Material provided =>

(* Let $P\in\mathbb{R}_+^{n\times n}$ be a stochastic irreducible matrix, $w\in\mathbb{R}^n_+$, $c\in\mathbb{R}^n$, and let $\mathcal X=\{x\in\mathbb{R}^n:\,x=S_0^w(P'x+c)\}$. Let $\pi$ be the unique invariant probability vector of $P$ ($\pi=P'\pi$, $\pi\ge0$, $\mathbbm{1}'\pi=1$; it has positive entries), and, when $\sum_ic_i=0$, let $\nu=\frac12\sum_{k\ge0}\left(\frac{I+P'}{2}\right)^kc$ (a convergent series in that case). Then $\mathcal X$ contains more than one element if and only if $\sum_ic_i=0$ and $$\min_i\left\{\frac{\nu_i}{\pi_i}\right\}+\min_i\left\{\frac{w_i-\nu_i}{\pi_i}\right\}>0.$$ Moreover, in this case, $$\mathcal X=\left\{\nu+\alpha\pi:\,-\min_i\left\{\frac{\nu_i}{\pi_i}\right\}\le\alpha\le\min_i\left\{\frac{w_i-\nu_i}{\pi_i}\right\}\right\}.$$
   Context: $P$ stochastic: nonnegative with $P\mathbbm{1}=\mathbbm{1}$; irreducible: the directed graph with a link $(i,j)$ whenever $P_{ij}>0$ is strongly connected. $(S_0^w(x))_i=\min\{\max\{x_i,0\},w_i\}$; $P'$ is the transpose. *)

From HB Require Import structures.
From mathcomp Require Import all_boot all_order all_algebra.
From mathcomp Require Import all_classical all_reals all_analysis.
Set Implicit Arguments. Unset Strict Implicit. Unset Printing Implicit Defensive.
Import Order.TTheory GRing.Theory Num.Theory numFieldNormedType.Exports.
Local Open Scope ring_scope.

Section Defs.
Variables (R : realType) (n : nat).

Definition stochastic (P : 'M[R]_n) : Prop :=
  (forall i j, 0 <= P i j) /\ P *m (const_mx 1 : 'cV[R]_n) = const_mx 1.

Definition irreducible (P : 'M[R]_n) : Prop :=
  forall i j : 'I_n, connect [rel a b | 0 < P a b] i j.

Definition S0 (w x : 'cV[R]_n) : 'cV[R]_n :=
  \col_i Num.min (Num.max (x i 0) 0) (w i 0).

Definition solset (P : 'M[R]_n) (w c : 'cV[R]_n) : set 'cV[R]_n :=
  [set x | x = S0 w (P^T *m x + c)].

Definition halfstep (P : 'M[R]_n) (v : 'cV[R]_n) : 'cV[R]_n :=
  2^-1 *: (v + P^T *m v).

Definition nu (P : 'M[R]_n) (c : 'cV[R]_n) : 'cV[R]_n :=
  \col_i (2^-1 * limn (series (fun k => (iter k (halfstep P) c) i 0))).

End Defs.

Definition minI (R : realType) (n : nat) (F : 'I_n.+1 -> R) : R :=
  \big[Num.min/F ord0]_(i < n.+1) F i.

From HB Require Import structures.
From mathcomp Require Import all_boot all_order all_algebra.
From mathcomp Require Import all_classical all_reals all_analysis.
From mathcomp Require Import ring lra.
Import Order.TTheory GRing.Theory Num.Theory numFieldNormedType.Exports.
Local Open Scope ring_scope.
Local Open Scope classical_set_scope.
Set Implicit Arguments. Unset Strict Implicit. Unset Printing Implicit Defensive.

(* Two solutions x, y are compared through d = (x - y)^+.  The clamp S_0^w is monotone and
   1-Lipschitz, so d <= P'd entrywise; as P' preserves sums, d = P'd.  By irreducibility a
   nonnegative P'-invariant vector vanishes or is positive everywhere, so distinct solutions are
   strictly ordered, which forces the clamp to be inactive at both: they solve x = P'x + c.
   Summing entries gives sum c = 0, and the solutions of this affine equation are nu + alpha pi.
   Indeed (I + P')/2 is column stochastic with a positive power, hence a strict l1-contraction
   on sum-zero vectors, so the series defining nu converges and telescopes to nu - P'nu = c.
   Finally the box 0 <= nu + alpha pi <= w is exactly -m1 <= alpha <= m2. *)

Section Clamp.
Variables (R : realType) (w : R).
Hypothesis w_ge0 : 0 <= w.

Definition clamp (t : R) := Num.min (Num.max t 0) w.

Variant clamp_spec (t : R) : R -> Prop :=
  | ClampLow of t <= 0 : clamp_spec t 0
  | ClampIn of 0 <= t & t <= w : clamp_spec t t
  | ClampHigh of w <= t : clamp_spec t w.

Lemma clampP t : clamp_spec t (clamp t).
Proof.
rewrite /clamp; case: (ger0P t) => [t_ge0|t_lt0].
  by case: leP => h; [exact: ClampIn | apply: ClampHigh; rewrite ltW].
by rewrite min_l //; apply: ClampLow; rewrite ltW.
Qed.

Lemma clamp_id t : 0 <= t <= w -> clamp t = t.
Proof. by case: clampP => // [t_le0|w_le] /andP[]; lra. Qed.

Lemma clamp_in_range t : 0 <= clamp t <= w.
Proof. have := w_ge0; case: (clampP t) => *; apply/andP; split; lra. Qed.

Lemma clamp_pos_part_le a b :
  Num.max (clamp a - clamp b) 0 <= Num.max (a - b) 0.
Proof.
have := w_ge0; by case: (ger0P (a - b)); case: (ger0P (clamp a - clamp b));
  case: (clampP a); case: (clampP b); lra.
Qed.

Lemma clamp_subr_eq a b : b < a -> clamp a - clamp b = a - b ->
  clamp a = a /\ clamp b = b.
Proof. have := w_ge0; by case: (clampP a); case: (clampP b) => *; split; lra. Qed.

End Clamp.

Lemma S0E (R : realType) n (w x : 'cV[R]_n) i : S0 w x i 0 = clamp (w i 0) (x i 0).
Proof. by rewrite mxE. Qed.

Section ColumnStochastic.
Variables (R : realType) (n : nat).
Implicit Types (M : 'M[R]_n) (v : 'cV[R]_n).

Definition colstoch M := (forall i j, 0 <= M i j) /\ (forall j, \sum_i M i j = 1).

Definition norm1 v := \sum_i `|v i 0|.

Lemma norm1_ge0 v : 0 <= norm1 v.
Proof. exact: sumr_ge0. Qed.

Lemma le_norm1 v i : `|v i 0| <= norm1 v.
Proof. by rewrite /norm1 (bigD1 i) //= lerDl sumr_ge0. Qed.

Lemma colstoch_tr_stochastic (P : 'M[R]_n) : stochastic P -> colstoch P^T.
Proof.
move=> [P_ge0 P1]; split=> [i j|j]; first by rewrite mxE.
have := congr1 (fun u : 'cV[R]_n => u j 0) P1; rewrite !mxE => <-.
by apply: eq_bigr => i _; rewrite !mxE mulr1.
Qed.

Lemma colstoch1 : colstoch 1%:M.
Proof.
split=> [i j|j]; first by rewrite mxE ler0n.
by rewrite (bigD1 j) //= mxE eqxx big1 ?addr0 // => i /negbTE ij; rewrite mxE ij.
Qed.

Lemma colstoch_mul M1 M2 : colstoch M1 -> colstoch M2 -> colstoch (M1 *m M2).
Proof.
move=> [M1_ge0 M1_sum] [M2_ge0 M2_sum]; split=> [i j|j].
  by rewrite mxE sumr_ge0 // => l _; rewrite mulr_ge0.
under eq_bigr do rewrite mxE.
by rewrite exchange_big -(M2_sum j); apply: eq_bigr => l _; rewrite -mulr_suml M1_sum mul1r.
Qed.

Lemma colstoch_pow M k : colstoch M -> colstoch (M ^+ k).
Proof.
move=> M_cs; elim: k => [|k IH]; first by rewrite expr0; exact: colstoch1.
by rewrite exprS -mulmxE; exact: colstoch_mul.
Qed.

Lemma colstoch_midpoint M1 M2 :
  colstoch M1 -> colstoch M2 -> colstoch (2^-1 *: (M1 + M2)).
Proof.
move=> [M1_ge0 M1_sum] [M2_ge0 M2_sum]; split=> [i j|j].
  by rewrite !mxE mulr_ge0 ?addr_ge0 // invr_ge0 ler0n.
under eq_bigr do rewrite !mxE.
by rewrite -mulr_sumr big_split /= M1_sum M2_sum mulVf ?pnatr_eq0.
Qed.

Variable M : 'M[R]_n.
Hypothesis M_cs : colstoch M.

Lemma colstoch_sum v : \sum_i (M *m v) i 0 = \sum_i v i 0.
Proof.
under eq_bigr do rewrite mxE.
by rewrite exchange_big; apply: eq_bigr => j _; rewrite -mulr_suml M_cs.2 mul1r.
Qed.

Lemma colstoch_norm1 v : norm1 (M *m v) <= norm1 v.
Proof.
apply: (@le_trans _ _ (\sum_i \sum_j M i j * `|v j 0|)).
  apply: ler_sum => i _; rewrite mxE; apply: le_trans (ler_norm_sum _ _ _) _.
  by apply: ler_sum => j _; rewrite normrM ger0_norm ?M_cs.1.
by rewrite exchange_big; apply: ler_sum => j _; rewrite -mulr_suml M_cs.2 mul1r.
Qed.

Lemma colstoch_subinvariant v : (forall i, v i 0 <= (M *m v) i 0) -> M *m v = v.
Proof.
move=> le_vMv; have : \sum_i ((M *m v) i 0 - v i 0) = 0.
  by rewrite sumrB colstoch_sum subrr.
move=> /psumr_eq0P eq0; apply/matrixP => i j; rewrite ord1; apply/eqP.
by rewrite -subr_eq0 eq0 // => l _; rewrite subr_ge0.
Qed.

(* Subtracting [d] from every entry of [M] does not change [M v] when [v] sums to zero. *)
Lemma colstoch_contraction (d : R) v : (forall i j, d <= M i j) ->
  \sum_i v i 0 = 0 -> norm1 (M *m v) <= (1 - d *+ n) * norm1 v.
Proof.
move=> d_le sum_v0.
have Mv i : (M *m v) i 0 = \sum_j (M i j - d) * v j 0.
  by rewrite mxE; under [RHS]eq_bigr do rewrite mulrBl; rewrite sumrB -mulr_sumr sum_v0 mulr0 subr0.
apply: (@le_trans _ _ (\sum_i \sum_j (M i j - d) * `|v j 0|)).
  apply: ler_sum => i _; rewrite Mv; apply: le_trans (ler_norm_sum _ _ _) _.
  by apply: ler_sum => j _; rewrite normrM ger0_norm ?subr_ge0.
rewrite exchange_big /norm1 mulr_sumr; apply: ler_sum => j _.
by rewrite -mulr_suml sumrB M_cs.2 sumr_const card_ord.
Qed.

End ColumnStochastic.

Section ContractingSeries.
Variables (R : realType) (n : nat) (M : 'M[R]_n) (m : nat) (e : R).
Hypotheses (M_cs : colstoch M) (m_gt0 : (0 < m)%N) (e_gt0 : 0 < e).
Implicit Types v : 'cV[R]_n.
Hypothesis M_contr : forall v,
  \sum_i v i 0 = 0 -> norm1 (M ^+ m *m v) <= (1 - e) * norm1 v.

Lemma sum_norm1_pow_le K v :
  \sum_(0 <= k < K) norm1 (M ^+ k *m v) <= K%:R * norm1 v.
Proof.
rewrite -[K in K%:R]subn0 -sumr_const_nat mulr_suml.
by apply: ler_sum => k _; rewrite mul1r; apply: colstoch_norm1; exact: colstoch_pow.
Qed.

(* The first [m] terms contribute at most [m |v|], the others form the same sum for
   [M^m v], and [C = m/e + m] satisfies [m + C (1 - e) <= C]. *)
Lemma sum_norm1_pow_bounded K v : \sum_i v i 0 = 0 ->
  \sum_(0 <= k < K) norm1 (M ^+ k *m v) <= (m%:R / e + m%:R) * norm1 v.
Proof.
elim/ltn_ind: K v => K IH v sum_v0.
have v_ge0 := norm1_ge0 v; have me_ge0 : 0 <= m%:R / e by rewrite divr_ge0 ?ler0n ?ltW.
have [K_le|m_lt] := leqP K m.
  apply: le_trans (sum_norm1_pow_le _ _) (ler_wpM2r v_ge0 _).
  by rewrite -[K%:R]add0r lerD ?ler_nat.
rewrite (big_cat_nat _ (ltnW m_lt)) //= -{2}(add0n m) big_addn.
under [X in _ + X <= _]eq_bigr do rewrite exprD -mulmxE -mulmxA.
have head := sum_norm1_pow_le m v.
have tail : \sum_(0 <= k < K - m) norm1 (M ^+ k *m (M ^+ m *m v)) <=
    (m%:R / e + m%:R) * norm1 (M ^+ m *m v).
  apply: IH; first by rewrite ltn_subrL m_gt0 (leq_trans m_gt0 (ltnW m_lt)).
  by rewrite colstoch_sum //; exact: colstoch_pow.
have contr := ler_wpM2l (addr_ge0 me_ge0 (ler0n _ m)) (M_contr sum_v0).
have contr_eq : (m%:R / e + m%:R) * ((1 - e) * norm1 v) =
    (m%:R / e + m%:R) * norm1 v - m%:R * norm1 v - m%:R * e * norm1 v.
  by field; rewrite gt_eqF.
have : 0 <= m%:R * e * norm1 v by rewrite !mulr_ge0 ?ler0n // ltW.
lra.
Qed.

What you are asked to do => Pick every line containing the word "case" out of the material, and copy those lines.

Result =>
(* Let $P\in\mathbb{R}_+^{n\times n}$ be a stochastic irreducible matrix, $w\in\mathbb{R}^n_+$, $c\in\mathbb{R}^n$, and let $\mathcal X=\{x\in\mathbb{R}^n:\,x=S_0^w(P'x+c)\}$. Let $\pi$ be the unique invariant probability vector of $P$ ($\pi=P'\pi$, $\pi\ge0$, $\mathbbm{1}'\pi=1$; it has positive entries), and, when $\sum_ic_i=0$, let $\nu=\frac12\sum_{k\ge0}\left(\frac{I+P'}{2}\right)^kc$ (a convergent series in that case). Then $\mathcal X$ contains more than one element if and only if $\sum_ic_i=0$ and $$\min_i\left\{\frac{\nu_i}{\pi_i}\right\}+\min_i\left\{\frac{w_i-\nu_i}{\pi_i}\right\}>0.$$ Moreover, in this case, $$\mathcal X=\left\{\nu+\alpha\pi:\,-\min_i\left\{\frac{\nu_i}{\pi_i}\right\}\le\alpha\le\min_i\left\{\frac{w_i-\nu_i}{\pi_i}\right\}\right\}.$$
rewrite /clamp; case: (ger0P t) => [t_ge0|t_lt0].
  by case: leP => h; [exact: ClampIn | apply: ClampHigh; rewrite ltW].
Proof. by case: clampP => // [t_le0|w_le] /andP[]; lra. Qed.
Proof. have := w_ge0; case: (clampP t) => *; apply/andP; split; lra. Qed.
have := w_ge0; by case: (ger0P (a - b)); case: (ger0P (clamp a - clamp b));
  case: (clampP a); case: (clampP b); lra.
Proof. have := w_ge0; by case: (clampP a); case: (clampP b) => *; split; lra. Qed.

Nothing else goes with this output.